Last updated: November 09, 2018 - 10:13 am UTC

Version: 9.2.0.1

Viewed 10K+ times! This question is

You Asked

consider the following query
select level,sys_connect_by_path(last_name,'\') name,salary
from employees
start with last_name='King'
connect by prior employee_id=manager_id

is it possible to get the result
like

name sum_of_all_level
\King 24000
\King\Kochhar 41000 <as king's salary+Kochhar's salary(24000+17000)>
\King\Kochhar\Greenberg 53000 <as 24000+17000+12000 >

that is, addition of salaries of each person


and Tom said...

scott@ORA9IR2> select rpad('*',2*level,'*') || ename name,
2 sal,
3 (select sum(e2.sal)
4 from emp e2
5 start with e2.empno = e1.empno
6 connect by prior e2.mgr = e2.empno) sum_sal
7 from emp e1
8 start with e1.mgr is null
9 connect by prior empno = mgr;

NAME SAL SUM_SAL
------------------------------ ---------- ----------
**KING 5000 5000
****JONES 2975 7975
******SCOTT 3000 10975
********ADAMS 1100 12075
******FORD 3000 10975
********SMITH 800 11775
****BLAKE 2850 7850
******ALLEN 1600 9450
******WARD 1250 9100
******MARTIN 1250 9100
******TURNER 1500 9350
******JAMES 950 8800
****CLARK 2450 7450
******MILLER 1300 8750

14 rows selected.



Rating

  (10 ratings)

Is this answer out of date? If it is, please let us know via a Comment

Comments

query-as-column caching

Antonio Vargas, December 22, 2004 - 3:33 pm UTC

Tom, you talked about Oracle keeping some cache for query-as-column results so that they don't recalculate for each row if not needed. Two questions then:

1. How can I see if this cache is being used or not?

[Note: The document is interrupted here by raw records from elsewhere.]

(* In the setting of the context, for distinct $p,a\in C$, $\operatorname{diam}_{S_p}(\pi_p(a))\le 4\delta$. In particular Axiom (P1) holds for the data $(\{S_p\}_{p\in C},\{\pi_p\})$ with any constant $\theta\ge4\delta$.
   Context: $X$ is a $\delta$-hyperbolic geodesic metric space ($\delta>0$, every geodesic triangle $\delta$-thin). $G$ acts on $X$ by isometries and $\mathcal{C}=(C,\{G_c\})$ is a $\rho$-separated fairly rotating family with $\rho\ge20\delta$ (i.e. $C\subseteq X$ is $G$-invariant, $G_c$ fixes $c$, $G_{gc}=gG_cg^{-1}$, distinct points of $C$ are at distance $\ge\rho$, and for $c\in C$, $g\in G_c\setminus\{1\}$, $x\in C\setminus\{c\}$ some geodesic from $x$ to $gx$ meets the closed $1$-ball about $c$). Fix $2+2\delta\le R\le\frac\rho2-3\delta$. For $p\in C$, $S_p=\{x:d(x,p)=R\}$ with metric $d_{S_p}(x,y)=$ infimum of lengths of paths from $x$ to $y$ in $X\setminus B_R(p)$ (possibly $\infty$), where $B_R(p)$ is the open ball. For $a$ with $d(a,p)\ge R$, $\pi_p(a)\subseteq S_p$ is the set of points where geodesics $[p,a]$ meet $S_p$ (equivalently nearest-point projections of $a$ to $S_p$). *)

From Stdlib Require Import Reals Lra List Sorting.Sorted.
From Coquelicot Require Import Rbar Lub.
Open Scope R_scope.
Set Implicit Arguments.

Section Geometry.
Variable X : Type.
Variable d : X -> X -> R.

Record is_metric : Prop := {
  met_refl : forall x, d x x = 0;
  met_sep : forall x y, d x y = 0 -> x = y;
  met_sym : forall x y, d x y = d y x;
  met_tri : forall x y z, d x z <= d x y + d y z }.

Definition geodesic (g : R -> X) (x y : X) : Prop :=
  g 0 = x /\ g (d x y) = y /\
  forall s t, 0 <= s <= d x y -> 0 <= t <= d x y -> d (g s) (g t) = Rabs (s - t).

Definition geodesic_space : Prop :=
  forall x y, exists g, geodesic g x y.

Definition gromov_product (x y z : X) : R := (d x y + d x z - d y z) / 2.

(* every geodesic triangle is delta-thin (insize / tripod-map definition):
   on the two sides issuing from any vertex x, points at the same distance
   t <= (y|z)_x from x are delta-close. *)
Definition thin_triangles (delta : R) : Prop :=
  forall x y z g1 g2, geodesic g1 x y -> geodesic g2 x z ->
    forall t, 0 <= t <= gromov_product x y z -> d (g1 t) (g2 t) <= delta.

Definition open_ball (p : X) (r : R) (x : X) : Prop := d x p < r.

Definition sphere (p : X) (r : R) (x : X) : Prop := d x p = r.

Definition path_continuous (gam : R -> X) : Prop :=
  forall t, 0 <= t <= 1 -> forall eps, 0 < eps -> exists eta, 0 < eta /\
    forall s, 0 <= s <= 1 -> Rabs (s - t) < eta -> d (gam s) (gam t) < eps.

Fixpoint chain_sum (gam : R -> X) (l : list R) : R :=
  match l with
  | a :: ((b :: _) as tl) => d (gam a) (gam b) + chain_sum gam tl
  | _ => 0
  end.

Definition path_length (gam : R -> X) : Rbar :=
  Lub_Rbar (fun s => exists l : list R,
    Sorted Rle l /\ (forall t, In t l -> 0 <= t <= 1) /\ s = chain_sum gam l).

(* d_{S_p}(x,y) : infimum of lengths of paths from x to y in X \ B_r(p);
   +oo if there is no such path of finite length *)
Definition sphere_dist (p : X) (r : R) (x y : X) : Rbar :=
  Glb_Rbar (fun l => exists gam : R -> X,
    path_continuous gam /\ gam 0 = x /\ gam 1 = y /\
    (forall t, 0 <= t <= 1 -> ~ open_ball p r (gam t)) /\
    path_length gam = Finite l).

Definition proj (p : X) (r : R) (a : X) (x : X) : Prop :=
  exists g, geodesic g p a /\ x = g r.

Definition sphere_diam_le (p : X) (r : R) (A : X -> Prop) (c : R) : Prop :=
  forall x y, A x -> A y -> Rbar_le (sphere_dist p r x y) (Finite c).

End Geometry.

Record is_group (G : Type) (mul : G -> G -> G) (e : G) (inv : G -> G) : Prop := {
  grp_assoc : forall a b c, mul a (mul b c) = mul (mul a b) c;
  grp_idl : forall a, mul e a = a;
  grp_idr : forall a, mul a e = a;
  grp_invl : forall a, mul (inv a) a = e;
  grp_invr : forall a, mul a (inv a) = e }.

Record is_subgroup (G : Type) (mul : G -> G -> G) (e : G) (inv : G -> G)
  (H : G -> Prop) : Prop := {
  sub_e : H e;
  sub_mul : forall a b, H a -> H b -> H (mul a b);
  sub_inv : forall a, H a -> H (inv a) }.

Record isometric_action (X G : Type) (d : X -> X -> R) (mul : G -> G -> G) (e : G)
  (act : G -> X -> X) : Prop := {
  act_e : forall x, act e x = x;
  act_mul : forall g h x, act (mul g h) x = act g (act h x);
  act_isom : forall g x y, d (act g x) (act g y) = d x y }.

Record fairly_rotating_family (X G : Type) (d : X -> X -> R) (mul : G -> G -> G)
  (e : G) (inv : G -> G) (act : G -> X -> X) (C : X -> Prop) (Gc : X -> G -> Prop)
  (rho : R) : Prop := {
  frf_invariant : forall g c, C c -> C (act g c);
  frf_subgroup : forall c, C c -> is_subgroup mul e inv (Gc c);
  frf_fix : forall c g, C c -> Gc c g -> act g c = c;
  frf_conj : forall c g h, C c ->
      (Gc (act g c) h <-> exists k, Gc c k /\ h = mul (mul g k) (inv g));
  frf_sep : forall c c', C c -> C c' -> c <> c' -> rho <= d c c';
  frf_rot : forall c g x, C c -> Gc c g -> g <> e -> C x -> x <> c ->
      exists gm, geodesic d gm x (act g x) /\
        exists t, 0 <= t <= d x (act g x) /\ d (gm t) c <= 1 }.

From Stdlib Require Import Reals Lra List Sorting.Sorted.
From Coquelicot Require Import Rbar Lub.
Open Scope R_scope.
Set Implicit Arguments.

(* Let x = g1 R0 and y = g2 R0 lie on two geodesics g1, g2 from p to a, and
   put m = R0 + delta/2.  Since d(p,a) >= m, delta-thinness of the degenerate
   triangle (p,a,a) gives d(g1 m, g2 m) <= delta.  The detour
     x --g1--> g1 m --h--> g2 m --g2--> y   (h a geodesic)
   stays outside the open ball B_R0(p): on the g_i-pieces the distance to p
   is the geodesic parameter, and on h it is at least m - delta/2 = R0.
   Parametrising each of the three pieces on an interval of length 1/3 makes
   the detour 3*delta-Lipschitz on [0,1], hence of length <= 3*delta. *)

Section MetricGeodesicSpace.
Variable X : Type.
Variable d : X -> X -> R.
Hypothesis d_metric : is_metric d.

Definition lipschitz_on (gam : R -> X) (K a b : R) : Prop :=
  forall s t, a <= s <= b -> a <= t <= b -> d (gam s) (gam t) <= K * Rabs (s - t).

Lemma lipschitz_glue f f' K a u b :
  lipschitz_on f K a u -> lipschitz_on f' K u b -> f u = f' u ->
  lipschitz_on (fun s => if Rle_dec s u then f s else f' s) K a b.
Proof.
  intros Hf Hf' Ejunction s t Hs Ht.
  assert (Hsplit : forall s t, s <= u <= t ->
            Rabs (s - t) = Rabs (s - u) + Rabs (u - t))
    by (intros; split_Rabs; lra).
  destruct (Rle_dec s u), (Rle_dec t u).
  - apply Hf; lra.
  - assert (A := Hf s u ltac:(lra) ltac:(lra)).
    assert (B := Hf' u t ltac:(lra) ltac:(lra)).
    assert (T := met_tri d_metric (f s) (f u) (f' t)). rewrite Ejunction in A, T.
    rewrite (Hsplit s t) by lra; lra.
  - assert (A := Hf' s u ltac:(lra) ltac:(lra)).
    assert (B := Hf u t ltac:(lra) ltac:(lra)).
    assert (T := met_tri d_metric (f' s) (f' u) (f t)). rewrite <- Ejunction in A, T.
    rewrite (Rabs_minus_sym s t), (Hsplit t s), Rabs_minus_sym,
      (Rabs_minus_sym u s) by lra; lra.
  - apply Hf'; lra.
Qed.

Lemma geodesic_affine_lipschitz g x y al be K a b :
  geodesic d g x y -> Rabs be <= K ->
  (forall s, a <= s <= b -> 0 <= al + be * s <= d x y) ->
  lipschitz_on (fun s => g (al + be * s)) K a b.
Proof.
  intros [_ [_ Hg]] HK Hrange s t Hs Ht.
  rewrite Hg by (apply Hrange; lra).
  replace (al + be * s - (al + be * t)) with (be * (s - t)) by ring.
  rewrite Rabs_mult. apply Rmult_le_compat_r; [apply Rabs_pos | lra].
Qed.

Lemma chain_sum_lipschitz gam K : 0 <= K -> lipschitz_on gam K 0 1 ->
  forall l a, Sorted Rle (a :: l) -> (forall t, In t (a :: l) -> 0 <= t <= 1) ->
  chain_sum d gam (a :: l) <= K * (1 - a).
Proof.
  intros HK Hlip l. induction l as [|b l IH]; intros a Hsorted Hin.
  - assert (0 <= a <= 1) by (apply Hin; simpl; auto). simpl; nra.
  - change (d (gam a) (gam b) + chain_sum d gam (b :: l) <= K * (1 - a)).
    apply Sorted_inv in Hsorted as [Hsorted Hhead]. inversion Hhead; subst.
    assert (Ha : 0 <= a <= 1) by (apply Hin; simpl; auto).
    assert (Hb : 0 <= b <= 1) by (apply Hin; simpl; auto).
    assert (Htail := IH b Hsorted ltac:(intros t Ht; apply Hin; simpl; auto)).
    assert (Hstep := Hlip a b Ha Hb). rewrite Rabs_left1 in Hstep by lra. nra.
Qed.

Lemma path_length_lipschitz gam K : 0 <= K -> lipschitz_on gam K 0 1 ->
  exists l, path_length d gam = Finite l /\ l <= K.
Proof.
  intros HK Hlip. unfold path_length.
  set (chains := fun s => exists l : list R,
    Sorted Rle l /\ (forall t, In t l -> 0 <= t <= 1) /\ s = chain_sum d gam l).
  destruct (Lub_Rbar_correct chains) as [Hub Hleast].
  assert (Hge0 : Rbar_le (Finite 0) (Lub_Rbar chains)).
  { apply Hub. exists nil. split; [constructor|]. split; [intros t [] | reflexivity]. }
  assert (HleK : Rbar_le (Lub_Rbar chains) (Finite K)).
  { apply Hleast. intros s [l [Hsorted [Hin ->]]]. simpl.
    destruct l as [|a l]; [simpl; lra|].
    assert (A := chain_sum_lipschitz HK Hlip Hsorted Hin).
    assert (0 <= a <= 1) by (apply Hin; simpl; auto). nra. }
  destruct (Lub_Rbar chains) as [r | |]; simpl in Hge0, HleK; try contradiction.
  exists r; split; [reflexivity | exact HleK].
Qed.

Lemma lipschitz_continuous gam K : 0 <= K -> lipschitz_on gam K 0 1 ->
  path_continuous d gam.
Proof.
  intros HK Hlip t Ht eps Heps. exists (eps / (K + 1)). split.
  - apply Rdiv_lt_0_compat; lra.
  - intros s Hs Hst. assert (A := Hlip s t Hs Ht).
    apply Rmult_lt_compat_r with (r := K + 1) in Hst; [|lra].
    unfold Rdiv in Hst. rewrite Rmult_assoc, Rinv_l, Rmult_1_r in Hst by lra.
    assert (0 <= Rabs (s - t)) by apply Rabs_pos. nra.
Qed.

Lemma sphere_dist_le_lipschitz p r x y gam K :
  0 <= K -> lipschitz_on gam K 0 1 -> gam 0 = x -> gam 1 = y ->
  (forall t, 0 <= t <= 1 -> ~ open_ball d p r (gam t)) ->
  Rbar_le (sphere_dist d p r x y) (Finite K).
Proof.
  intros HK Hlip H0 H1 Havoid.
  destruct (path_length_lipschitz HK Hlip) as [l [Hl HlK]].
  unfold sphere_dist.
  match goal with |- Rbar_le (Glb_Rbar ?E) _ =>
    destruct (Glb_Rbar_correct E) as [Hlb _] end.
  apply Rbar_le_trans with (Finite l); [|simpl; lra].
  apply Hlb. exists gam.
  repeat split; auto. exact (lipschitz_continuous HK Hlip).
Qed.

Lemma geodesic_dist_source g x y s :
  geodesic d g x y -> 0 <= s <= d x y -> d (g s) x = s.
Proof.
  intros [Hg0 [_ Hg]] Hs. rewrite <- Hg0, Hg by lra.
  rewrite Rminus_0_r, Rabs_pos_eq; lra.
Qed.

Lemma geodesic_between_spheres h u v p m t :
  geodesic d h u v -> d u p = m -> d v p = m -> 0 <= t <= d u v ->
  m - d u v / 2 <= d (h t) p.
Proof.
  intros Hh Hu Hv Ht.
  destruct Hh as [Hh0 [Hh1 Hh]].
  assert (Du : d u (h t) = t)
    by (rewrite <- Hh0 at 1; rewrite Hh by lra; rewrite Rabs_left1; lra).
  assert (Dv : d v (h t) = d u v - t)
    by (rewrite <- Hh1 at 1; rewrite Hh by lra; rewrite Rabs_pos_eq; lra).
  assert (Tu := met_tri d_metric u (h t) p).
  assert (Tv := met_tri d_metric v (h t) p).
  lra.
Qed.

Lemma dist_nonneg x y : 0 <= d x y.
Proof.
  assert (T := met_tri d_metric x y x).
  rewrite (met_refl d_metric), (met_sym d_metric y) in T. lra.
Qed.

(* In a delta-thin space, two geodesics with the same endpoints are
   delta-close at equal parameters (thinness of the triangle (x, y, y)). *)
Lemma geodesics_same_ends_close delta g1 g2 x y t :
  thin_triangles d delta -> geodesic d g1 x y -> geodesic d g2 x y ->
  0 <= t <= d x y -> d (g1 t) (g2 t) <= delta.
Proof.
  intros Hthin G1 G2 Ht. apply (Hthin x y y g1 g2 G1 G2).
  unfold gromov_product. rewrite (met_refl d_metric y). lra.
Qed.

End MetricGeodesicSpace.

Lemma proj_sphere_diam_3delta (X : Type) (d : X -> X -> R) (delta r : R) p a :
  is_metric d -> geodesic_space d -> thin_triangles d delta ->
  0 <= delta -> 0 <= r -> r + delta / 2 <= d p a ->
  sphere_diam_le d p r (proj d p r a) (3 * delta).
Proof.
  intros Hm Hgs Hthin Hdelta Hr Hfar x y [g1 [G1 ->]] [g2 [G2 ->]].
  set (m := r + delta / 2).
  destruct (Hgs (g1 m) (g2 m)) as [h Hh].
  set (L := d (g1 m) (g2 m)).
  assert (HL : L <= delta)
    by (apply (geodesics_same_ends_close Hm Hthin G1 G2); unfold m; lra).
  assert (HL0 : 0 <= L) by apply (dist_nonneg Hm).
  assert (Dg1 : forall s, 0 <= s <= m -> d (g1 s) p = s)
    by (intros; apply (geodesic_dist_source G1); unfold m in *; lra).
  assert (Dg2 : forall s, 0 <= s <= m -> d (g2 s) p = s)
    by (intros; apply (geodesic_dist_source G2); unfold m in *; lra).
  (* The three pieces of the detour, each on an interval of length 1/3:
     g1 on [r, m], h on [0, L], and g2 on [r, m] traversed backwards. *)
  set (f1 := fun s => g1 (r + (3 * delta / 2) * s)).
  set (f2 := fun s => h (- L + (3 * L) * s)).
  set (f3 := fun s => g2 ((r + 3 * delta / 2) + (- (3 * delta / 2)) * s)).
  set (f12 := fun s => if Rle_dec s (1/3) then f1 s else f2 s).
  set (gam := fun s => if Rle_dec s (2/3) then f12 s else f3 s).
  assert (Hh0 : h 0 = g1 m) by apply Hh.
  assert (Hh1 : h L = g2 m) by apply Hh.
  assert (Hlip : lipschitz_on d gam (3 * delta) 0 1).
  { apply lipschitz_glue; [exact Hm | apply lipschitz_glue; [exact Hm | | |] | |].
    - apply (geodesic_affine_lipschitz G1); [rewrite Rabs_pos_eq; lra|].
      intros; unfold m in *; nra.
    - apply (geodesic_affine_lipschitz Hh); [rewrite Rabs_pos_eq; lra|].
      intros; fold L; nra.
    - unfold f1, f2. replace (- L + 3 * L * (1/3)) with 0 by field.
      rewrite Hh0. f_equal. unfold m; field.
    - apply (geodesic_affine_lipschitz G2); [rewrite Rabs_left1; lra|].
      intros; unfold m in *; nra.
    - unfold f12. destruct (Rle_dec (2/3) (1/3)); [lra|].
      unfold f2, f3. replace (- L + 3 * L * (2/3)) with L by field.
      rewrite Hh1. f_equal. unfold m; field. }
  apply (sphere_dist_le_lipschitz (K := 3 * delta) ltac:(lra) Hlip).
  - unfold gam, f12. destruct (Rle_dec 0 (2/3)); [|lra].
    destruct (Rle_dec 0 (1/3)); [|lra]. unfold f1. f_equal; ring.
  - unfold gam. destruct (Rle_dec 1 (2/3)); [lra|]. unfold f3. f_equal; field.
  - intros t Ht. unfold open_ball, gam, f12.
    destruct (Rle_dec t (2/3)); [destruct (Rle_dec t (1/3))|].
    + unfold f1. rewrite Dg1; unfold m; nra.
    + unfold f2.
      assert (Hmid : m - L / 2 <= d (h (- L + 3 * L * t)) p).
      { apply (geodesic_between_spheres Hm p Hh);
          [apply Dg1 | apply Dg2 | fold L; nra]; unfold m; lra. }
      unfold m in Hmid. lra.
    + unfold f3. rewrite Dg2; unfold m; nra.
Qed.

Lemma sphere_diam_le_mono (X : Type) (d : X -> X -> R) p r A c c' :
  c <= c' -> sphere_diam_le d p r A c -> sphere_diam_le d p r A c'.
Proof.
  intros Hc Hdiam x y Hx Hy.
  apply Rbar_le_trans with (Finite c); [exact (Hdiam x y Hx Hy) | simpl; lra].
Qed.

Unset Implicit Arguments.

Theorem lemma3p3 (X G : Type) (d : X -> X -> R) (delta rho R0 : R)
  (mul : G -> G -> G) (e : G) (inv : G -> G) (act : G -> X -> X)
  (C : X -> Prop) (Gc : X -> G -> Prop) :
  is_metric d -> geodesic_space d -> 0 < delta -> thin_triangles d delta ->
  is_group mul e inv -> isometric_action d mul e act ->
  fairly_rotating_family d mul e inv act C Gc rho -> 20 * delta <= rho ->
  2 + 2 * delta <= R0 -> R0 <= rho / 2 - 3 * delta ->
  (forall p a, C p -> C a -> p <> a ->
     sphere_diam_le d p R0 (proj d p R0 a) (4 * delta)) /\
  (forall theta, 4 * delta <= theta ->
     forall p a, C p -> C a -> p <> a ->
       sphere_diam_le d p R0 (proj d p R0 a) theta).
Proof.
  intros Hm Hgs Hdelta Hthin _ _ Hfrf _ HR_lo HR_hi.
  (* Distinct points of C are rho-apart, and rho >= 2*R0 + 6*delta. *)
  assert (Hdiam : forall p a, C p -> C a -> p <> a ->
            sphere_diam_le d p R0 (proj d p R0 a) (4 * delta)).
  { intros p a Cp Ca Hpa.
    assert (Hsep := frf_sep Hfrf Cp Ca Hpa).
    apply (sphere_diam_le_mono (c := 3 * delta)); [lra|].
    apply proj_sphere_diam_3delta; auto; lra. }
  split; [exact Hdiam|].
  intros theta Htheta p a Cp Ca Hpa.
  exact (sphere_diam_le_mono Htheta (Hdiam p a Cp Ca Hpa)).
Qed.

2. "should" this query use this cache?


Tom Kyte
December 22, 2004 - 6:40 pm UTC

1) we can generally do that using a user defined function to "count"
2) no -- not this one, the parameter passed into the scalar subquery is e1.empno -- it is "unique", no caching. However, if we modify the query, we can see caching:

scott@ORA9IR2> create or replace function f return number
2 as
3 begin
4 dbms_application_info.set_client_info( userenv('client_info')+1 );
5 return 0;
6 end;
7 /

Function created.

scott@ORA9IR2>
scott@ORA9IR2> exec dbms_application_info.set_client_info(0);

PL/SQL procedure successfully completed.

scott@ORA9IR2> set autotrace traceonly statistics
scott@ORA9IR2> select rpad('*',2*level,'*') || ename name,
2 sal,
3 (select sum(e2.sal)+f()
4 from emp e2
5 start with e2.empno = e1.empno
6 connect by prior e2.mgr = e2.empno) sum_sal
7 from emp e1
8 start with e1.mgr is null
9 connect by prior empno = mgr;

14 rows selected.


Statistics
----------------------------------------------------------
21 recursive calls
0 db block gets
230 consistent gets
0 physical reads
0 redo size
829 bytes sent via SQL*Net to client
499 bytes received via SQL*Net from client
2 SQL*Net roundtrips to/from client
106 sorts (memory)
0 sorts (disk)
14 rows processed

scott@ORA9IR2> set autotrace off
scott@ORA9IR2> select userenv('client_info') from dual;

USERENV('CLIENT_INFO')
----------------------------------------------------------------
14

That shows 14 rows -- at least 14 subquery invocations


scott@ORA9IR2>
scott@ORA9IR2>
scott@ORA9IR2> exec dbms_application_info.set_client_info(0);

PL/SQL procedure successfully completed.

scott@ORA9IR2> set autotrace traceonly statistics
scott@ORA9IR2> select rpad('*',2*level,'*') || ename name,
2 sal,
3 (select sum(e2.sal)+f()
4 from emp e2
5 start with e2.empno = e1.empno
6 connect by prior e2.mgr = e2.empno) sum_sal
7 from emp e1
8 connect by prior empno = mgr;

39 rows selected.


Statistics
----------------------------------------------------------
0 recursive calls
0 db block gets
232 consistent gets
0 physical reads
0 redo size
1555 bytes sent via SQL*Net to client
521 bytes received via SQL*Net from client
4 SQL*Net roundtrips to/from client
97 sorts (memory)
0 sorts (disk)
39 rows processed

scott@ORA9IR2> set autotrace off
scott@ORA9IR2> select userenv('client_info') from dual;

USERENV('CLIENT_INFO')
----------------------------------------------------------------
14

39 rows, 14 DISTINCT empno's -- 14 calls -- we cached




connect by level

Lise, November 13, 2007 - 10:55 am UTC

Hi Tom,

Say I had the following on emp:
(empno, freq)=>(1, 10), (2,11), (3,8)
SELECT freq, level
FROM emp
WHERE empno between 1 and 3
CONNECT BY LEVEL <= freq

It works for the first record returned, but then it goes all wrong selecting 1000s of records.
Is there any way round this please?
Tom Kyte
November 16, 2007 - 2:32 pm UTC

that won't work since the first emp record will be connected to the 2nd and 3rd as will they.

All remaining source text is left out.